What can we learn from those who have battled addiction? Here, the focus shifts slightly onto dementia and unpaid caring, but the themes of sacrifice, burnout and fighting for better support will feel very familiar to anyone dealing with alcohol or any long-term condition in the family. Host Pete Hill chats with guest Ceri (often referred to as Kerry) Higgins, a former unpaid carer who looked after her father with mixed dementia and later her mother.
She talks about how she stepped out of her own career to care, only to realise years later, “If I knew then what I know now, maybe things might have been slightly different… I would have figured in that too somewhere more maybe.” It’s a brutally honest reflection many people in recovery will recognise: loving someone so much that you quietly erase yourself.
Ceri describes the emotional toll of 11 years of caring with just 11 days off ill, the isolation, and the financial hit of giving up work. She highlights how long it can take to even accept the label “carer”, and how families are often told, “You can manage, can’t you? It’s your family,” while support and benefits lag far behind reality.
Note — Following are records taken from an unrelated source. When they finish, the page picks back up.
Variables (R : realType) (n : nat) (a : 'I_n.+1 -> 'I_n.+1 -> R) (f : R -> R).
Variables (l : 'I_n.+1) (phi : {perm 'I_n.+1}) (c : 'I_n.+1 -> R).
Hypothesis phi_aut : graph_automorphism a phi.
Hypothesis f_equiv : forall i x, f (c i * x) = c i * f x.
Hypothesis sg_equiv :
  forall i j, a i j != 0 -> Num.sg (a i j) * c j = c i * Num.sg (a (phi i) (phi j)).
Hypothesis phil : phi l = l.
Hypothesis cl : c l = 1.

Local Notation P := (signed_perm_row l phi c).

Lemma full_state_signed_perm y u :
  full_state l (P y) u = fun j => c j * full_state l y u (phi j).
Proof.
apply/funext => j; rewrite /full_state; case: (unliftP l j) => [k ->|->].
  by rewrite mxE -lift_follower_index // liftK.
by rewrite phil cl mul1r unlift_none.
Qed.

Lemma lf_field_signed_perm y u : lf_field a f l (P y) u = P (lf_field a f l y u).
Proof.
apply/rowP => k; rewrite !mxE full_state_signed_perm absflow_signed_perm //.
by rewrite -lift_follower_index.
Qed.

Lemma signed_perm_row_coordE (th : R -> 'rV[R]_n) k :
  (fun s => P (th s) ord0 k) = (fun s => c (lift l k) * th s ord0 (follower_index l phi k)).
Proof. by apply/funext => s; rewrite mxE. Qed.

Lemma derivable_signed_perm_coord (th : R -> 'rV[R]_n) t k : derivable th t 1 ->
  derivable (fun s => P (th s) ord0 k) t 1 /\
  derive1 (fun s => P (th s) ord0 k) t = P (derive1 th t) ord0 k.
Proof.
move=> dth; have [d D] := derivable_coord (follower_index l phi k) dth.
have Pth_deriv : is_derive t 1 (fun s => P (th s) ord0 k)
    (c (lift l k) * derive1 th t ord0 (follower_index l phi k)).
  by rewrite signed_perm_row_coordE -D; apply: is_deriveZ; rewrite derive1E; exact: derivableP.
split; first by case: Pth_deriv.
by rewrite derive1E derive_val mxE.
Qed.

Hypothesis c_unit : forall i, `|c i| = 1.

Lemma lf_trajectory_signed_perm_fixed (th : R -> 'rV[R]_n) tau :
  smooth f -> 0 <= tau -> th 0 = 0 -> lf_trajectory a f l th tau -> P (th tau) = th tau.
Proof.
move=> sf tau0 th0 [u [th_cont th_ode]].
have [M thM] := continuous_row_bounded th_cont.
have PthM t : 0 <= t <= tau -> forall m, `|P (th t) ord0 m| <= M.
  by move=> tI m; rewrite mxE normrM c_unit mul1r thM.
have [K [K0 fK]] :=
  C1_lipschitz_on_bounded (fun x => sf 0%N x) (smooth_continuous_derive1 sf) M.
suff agree : forall t, 0 <= t <= tau -> forall k, th t ord0 k = P (th t) ord0 k.
  by apply/rowP => k; rewrite -agree // lexx tau0.
apply: (@ode_unique_coord _ _ (fun k t => th t ord0 k) (fun k t => P (th t) ord0 k)
  (2 * (n.+1)%:R * K)).
- by rewrite !mulr_ge0.
- by move=> k; exact: within_continuous_coord.
- move=> k x; rewrite /= signed_perm_row_coordE; apply: cvgM; first exact: cvg_cst.
  exact: within_continuous_coord.
- move=> t tI k; have [dth Dth] := th_ode t tI.
  have [d1 D1] := derivable_coord k dth.
  have [d2 D2] := derivable_signed_perm_coord k dth.
  have tI' : 0 <= t <= tau by case/andP: tI => /ltW -> /ltW ->.
  split=> //; rewrite D1 D2 Dth -lf_field_signed_perm.
  exact: lf_field_lipschitz _ _ _ K0 fK (thM t tI') (PthM t tI') k.
- by move=> k; rewrite th0 !mxE mulr0.
Qed.

Lemma accessible_set_signed_perm_fixed T :
  smooth f -> accessible_set a f l 0 T `<=` [set y | P y = y].
Proof.
move=> sf _ [th [tau [/andP[tau0 _] th0 th_traj <-]]].
exact: lf_trajectory_signed_perm_fixed.
Qed.

Lemma not_lf_accessible_signed_perm : smooth f -> phi != 1%g -> ~ lf_accessible a f l 0.
Proof.
move=> sf phi1 acc; have [z zint] := acc 1 ltr01.
have : interior [set y | P y = y] z.
  by apply: interiorS zint; exact: accessible_set_signed_perm_fixed.
by rewrite signed_perm_row_fixed_interior.
Qed.

End SignedSymmetry.

Definition is_sign (R : pzRingType) (s : R) := s = 1 \/ s = -1.

Lemma is_signM (R : pzRingType) (s t : R) : is_sign s -> is_sign t -> is_sign (s * t).
Proof.
by case=> ->; case=> ->; rewrite ?mul1r ?mulN1r ?opprK; [left|right|right|left].
Qed.

Lemma is_sign_sqr (R : pzRingType) (s : R) : is_sign s -> s * s = 1.
Proof. by case=> ->; rewrite ?mulr1 ?mulrNN ?mulr1. Qed.

Lemma odd_fun_mul_sign (R : realType) (f : R -> R) (s x : R) :
  odd_fun f -> is_sign s -> f (s * x) = s * f x.
Proof. by move=> f_odd [->|->]; rewrite ?mul1r // !mulN1r f_odd. Qed.

Lemma balanced_gauge_sg_twist (R : realType) (N : nat) (a : 'I_N -> 'I_N -> R)
    (sigma : 'I_N -> R) (phi : {perm 'I_N}) :
  balanced_gauge a sigma -> graph_automorphism a phi ->
  forall i j, a i j != 0 ->
    Num.sg (a i j) * (sigma j * sigma (phi j)) =
    sigma i * sigma (phi i) * Num.sg (a (phi i) (phi j)).
Proof.
move=> [sigma_sign sigma_sg] phi_aut i j aij.
have aij' : a (phi i) (phi j) != 0 by rewrite phi_aut.
rewrite -(sigma_sg _ _ aij) -(sigma_sg _ _ aij').
rewrite -[LHS]mulrA (mulrA (sigma j)) is_sign_sqr // mul1r.
by rewrite -[RHS]mulrA (mulrA (sigma (phi i))) is_sign_sqr // mul1r.
Qed.

Theorem theorem4 (R : realType) (n : nat) (a : 'I_n.+1 -> 'I_n.+1 -> R)
  (sigma : 'I_n.+1 -> R) (phi : {perm 'I_n.+1}) (f : R -> R) (l : 'I_n.+1) :
  signed_graph a ->
  balanced_gauge a sigma ->
  graph_automorphism a phi ->
  phi != 1%g ->
  phi l = l ->
  smooth f ->
  (odd_fun f \/ (even_fun f /\ sign_preserving a phi)) ->
  ~ lf_accessible a f l 0.
Proof.
move=> _ sigma_bal phi_aut phi1 phil sf [f_odd | [_ sg_pres]].
- have c_sign i : is_sign (sigma i * sigma (phi i)).
    by apply: is_signM; apply: sigma_bal.1.
  apply: (not_lf_accessible_signed_perm (c := fun i => sigma i * sigma (phi i))) => //.
  + by move=> i x; apply: odd_fun_mul_sign.
  + exact: balanced_gauge_sg_twist.
  + by rewrite phil is_sign_sqr //; apply: sigma_bal.1.
  + by move=> i; case: (c_sign i) => ->; rewrite ?normrN normr1.
- apply: (not_lf_accessible_signed_perm (c := fun=> 1)) => //.
  + by move=> i x; rewrite !mul1r.
  + by move=> i j aij; rewrite mulr1 mul1r sg_pres.
  + by move=> i; rewrite normr1.
Qed.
Rather than walk away after losing both parents, Ceri channelled her experience into study and advocacy.
She completed a degree, is working towards a master’s in dementia, and now sits on the Welsh Government’s Cross-Party Group on Dementia, pushing for unpaid carers’ rights, proper involvement in decision-making, and genuine integration between health and social care. This conversation blends personal story, policy talk and a few sharp jabs at bureaucracy, but it’s grounded in compassion and practical experience.
If you’re supporting someone with addiction, dementia or another long-term illness, Ceri’s story may prompt you to ask: where in all this care do you fit in, and what support could you be asking for today?